Por: Erving Vega
Hay una romántica historia que cuenta cómo llegó la imagen de la Virgen de la Concepción a El Realejo, Chinandega, y de cómo la venerada imagen se quedó por designios de Dios, a petición de los lugareños y a pesar de que los planes del caballero que la traía era llevarla consigo hasta Perú.

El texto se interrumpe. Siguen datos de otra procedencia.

Lemma box_mean_sum_mean_operator {R : realType} (n : nat) :
  mean_operator \oo (@box_mean_sum R n) (fun=> True).
Proof.
have c0 (T : nat) : (0 <= ((((2 * T) ^ n)%:R : R)^-1)%:E)%E by rewrite lee_fin invr_ge0.
split=> //.
- move=> r r0; near=> T.
  have T0 : (0 < T)%N by near: T; exists 1%N.
  rewrite /box_mean_sum box_sum_cst -EFinM mulrA mulVf ?mul1r //.
  by rewrite pnatr_eq0 expn_eq0 negb_and muln_eq0 -!lt0n T0.
- by move=> T f g _ _ f0 g0; rewrite /box_mean_sum box_sum_add ge0_muleDr //; exact: box_sum_ge0.
- by apply: nearW => T f g _ _ f0 fg; apply: lee_wpmul2l => //; exact: box_sum_le.
Unshelve. all: end_near.
Qed.

Section BoxIntegral.
Context {R : realType} (T : R).
Let D : set R := `](- T), T]%classic.
Let mD : measurable D. Proof. exact: measurable_itv. Qed.

Lemma box_int_ge0 n (f : n.-tuple R -> \bar R) :
  (forall t, 0 <= f t)%E -> (0 <= box_int T f)%E.
Proof.
elim: n f => [|n ih] f f0 /=; first exact: f0.
by apply: integral_ge0 => x _; apply: ih => t; exact: f0.
Qed.

Lemma measurable_box_int n {dY} (Y : measurableType dY) (f : Y * n.-tuple R -> \bar R) :
  measurable_fun setT f -> (forall z, 0 <= f z)%E ->
  measurable_fun setT (fun y => box_int T (fun s => f (y, s))).
Proof.
elim: n dY Y f => [|n ih] dY Y f mf f0 /=.
  by apply: measurableT_comp => //; exact: measurable_fun_pair.
pose g (z : (Y * R) * n.-tuple R) := f (z.1.1, [tuple of z.1.2 :: z.2]).
have mg : measurable_fun setT g.
  apply: measurableT_comp => //; apply: measurable_fun_pair.
    by apply: measurableT_comp => //; exact: measurable_fst.
  apply: measurable_cons; last exact: measurable_snd.
  by apply: measurableT_comp => //; exact: measurable_snd.
set h := fun y => box_int T (fun s => g (y, s)).
have mh : measurable_fun setT h by apply: ih => // z; exact: f0.
pose k (z : Y * R) := (h z * (\1_D z.2)%:E)%E.
have mk : measurable_fun setT k.
  apply: emeasurable_funM => //; apply/measurable_EFinP.
  by apply: measurableT_comp; [exact: measurable_indic|exact: measurable_snd].
have k0 z : (0 <= k z)%E.
  by apply: mule_ge0; [apply: box_int_ge0 => s; exact: f0|rewrite lee_fin].
have := @measurable_fun_fubini_tonelli_F _ _ _ _ _ (@lebesgue_measure R) k mk k0.
apply: eq_measurable_fun => y _.
rewrite /fubini_F [RHS]integral_mkcond; apply: eq_integral => x _.
by rewrite /k /patch indicE; case: ifPn => _; rewrite ?mule1 ?mule0.
Qed.

Let measurable_box_int_cons n (f : n.+1.-tuple R -> \bar R) :
  measurable_fun setT f -> (forall t, 0 <= f t)%E ->
  measurable_fun D (fun x => box_int T (fun s => f [tuple of x :: s])).
Proof.
move=> mf f0; apply: measurable_funTS.
apply: (measurable_box_int (f := fun z => f [tuple of z.1 :: z.2])) => //.
by apply: measurableT_comp => //; apply: measurable_cons; [exact: measurable_fst|exact: measurable_snd].
Qed.

Let measurable_cons_fun n (f : n.+1.-tuple R -> \bar R) x : measurable_fun setT f ->
  measurable_fun setT (fun s : n.-tuple R => f [tuple of x :: s]).
Proof. by move=> mf; apply: measurableT_comp => //; apply: measurable_cons. Qed.

Lemma box_int_add n (f g : n.-tuple R -> \bar R) :
  measurable_fun setT f -> measurable_fun setT g ->
  (forall t, 0 <= f t)%E -> (forall t, 0 <= g t)%E ->
  box_int T (fun t => f t + g t)%E = (box_int T f + box_int T g)%E.
Proof.
elim: n f g => [//|n ih] f g mf mg f0 g0 /=.
rewrite -ge0_integralD //; last 4 first.
- by move=> x _; exact: box_int_ge0.
- exact: measurable_box_int_cons.
- by move=> x _; exact: box_int_ge0.
- exact: measurable_box_int_cons.
by apply: eq_integral => x _; apply: ih => //; exact: measurable_cons_fun.
Qed.

Lemma box_int_le n (f g : n.-tuple R -> \bar R) :
  measurable_fun setT f -> measurable_fun setT g ->
  (forall t, 0 <= f t)%E -> (forall t, f t <= g t)%E ->
  (box_int T f <= box_int T g)%E.
Proof.
elim: n f g => [|n ih] f g mf mg f0 fg /=; first exact: fg.
have g0 t : (0 <= g t)%E by apply: le_trans (fg t).
apply: ge0_le_integral => //; [by move=> x _; exact: box_int_ge0
  |exact: measurable_box_int_cons|exact: measurable_box_int_cons|].
by move=> x _; apply: ih => //; exact: measurable_cons_fun.
Qed.

Lemma box_int_cst n (r : R) : 0 < T ->
  box_int T (fun _ : n.-tuple R => r%:E) = (((2 * T) ^+ n) * r)%:E.
Proof.
move=> T0; elim: n => [|n ih] /=; first by rewrite expr0 mul1r.
have lD : @lebesgue_measure R `](- T)%R, T]%classic = (T - - T)%:E.
  by rewrite lebesgue_measure_itv /= lte_fin ifT -?EFinD //; lra.
rewrite ih integral_cst //.
transitivity (((2 * T) ^+ n * r)%:E * (T - - T)%:E)%E; first by congr (_ * _)%E; exact: lD.
by rewrite -EFinM exprS; congr (_%:E); ring.
Qed.

End BoxIntegral.

Definition box_mean_int {R : realType} (n : nat) (T : R) (f : n.-tuple R -> \bar R) : \bar R :=
  ((((2 * T) ^+ n)^-1)%:E * box_int T f)%E.

Lemma box_mean_int_mean_operator {R : realType} (n : nat) :
  mean_operator (pinfty_nbhs R) (@box_mean_int R n) (fun f => measurable_fun setT f).
Proof.
split.
- by move=> r _; exact: measurable_cst.
- by move=> f g mf mg; exact: emeasurable_funD.
- move=> r r0; near=> T.
  have T0 : 0 < T by near: T; apply: nbhs_pinfty_gt; rewrite num_real.
  rewrite /box_mean_int box_int_cst // -EFinM mulrA mulVf ?mul1r //.
  by rewrite expf_neq0 // mulf_neq0 // gt_eqF.
- by move=> T f g mf mg f0 g0; rewrite /box_mean_int box_int_add // ge0_muleDr //;
    exact: box_int_ge0.
- near=> T => f g mf mg f0 fg.
  have T0 : 0 < T by near: T; apply: nbhs_pinfty_gt; rewrite num_real.
  apply: lee_wpmul2l; last exact: box_int_le.
  by rewrite lee_fin invr_ge0 exprn_ge0 // mulr_ge0 // ltW.
Unshelve. all: end_near.
Qed.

Era el año de 1562, nos cuenta el historiador Clemente Guido, en Historia y Tradiciones de la Devoción Mariana Nicaragüense, cuando don Lorenzo de Cepeda, escapando de una tormenta llegó al Puerto de la Posesión (hoy El Realejo) con la imagen de la Virgen y de allí viajó al pueblo de Tezoatega (hoy El Viejo). Pronto la imagen adquirió prestigio de milagrosa entre indios y mestizos del pueblo. Cuando don Lorenzo se dispuso a seguir el viaje tuvo que enfrentar las protestas y ruegos de los lugareños. Como un designio de Dios, cuando don Lorenzo se hizo a la mar sobrevino otra tormenta y tuvo que retornar. Todos interpretaron que la Virgen no quería irse y don Lorenzo accedió a que se quedara.
Este es el primer vestigio de la Inmaculada Concepción en Nicaragua; aunque la celebración de la gritería, como nos dice el investigador cultural Wilmor López, se remonta a 1740 en León, con la llegada de los frailes franciscanos. Para 1745, según López, la celebración toma carácter nacional y la Virgen María es considerada la patrona de Nicaragua.
Pero también hay una historia, para nada romántica, que nadie o muy pocos se atreven a cuestionar. Y es que la colonización española en América Latina y el Caribe ocurrió con la bula (el aval) de la Iglesia católica. El saqueo, las masacres, la opresión; todo el proceso de colonización fue ejecutado con la espada y la cruz por delante. Y si esto es verdad, también lo es que, con reconocidas excepciones, los religiosos participaron en el sometimiento de los pueblos originarios y pusieron al servicio del invasor su doctrina, sus símbolos, sus santos y sus vírgenes.
Nos guste o no ese es el contexto en que llegan las imágenes que veneramos. Y ese es el contexto en que nace el grito de ¿Quién causa tanta alegría?. Y no estoy ofreciendo pretextos para desilusiones o justificación para la apatía y menos para el rechazo. Acaso haga falta un estudio que explique cómo viniendo de esa realidad hemos llegado a tan maravilloso acontecimiento. Maravilla sí, porque ¿acaso hay otra tradición así, que trascienda lo nacional desde lo territorial para asentarse en el ser de los nicaragüenses?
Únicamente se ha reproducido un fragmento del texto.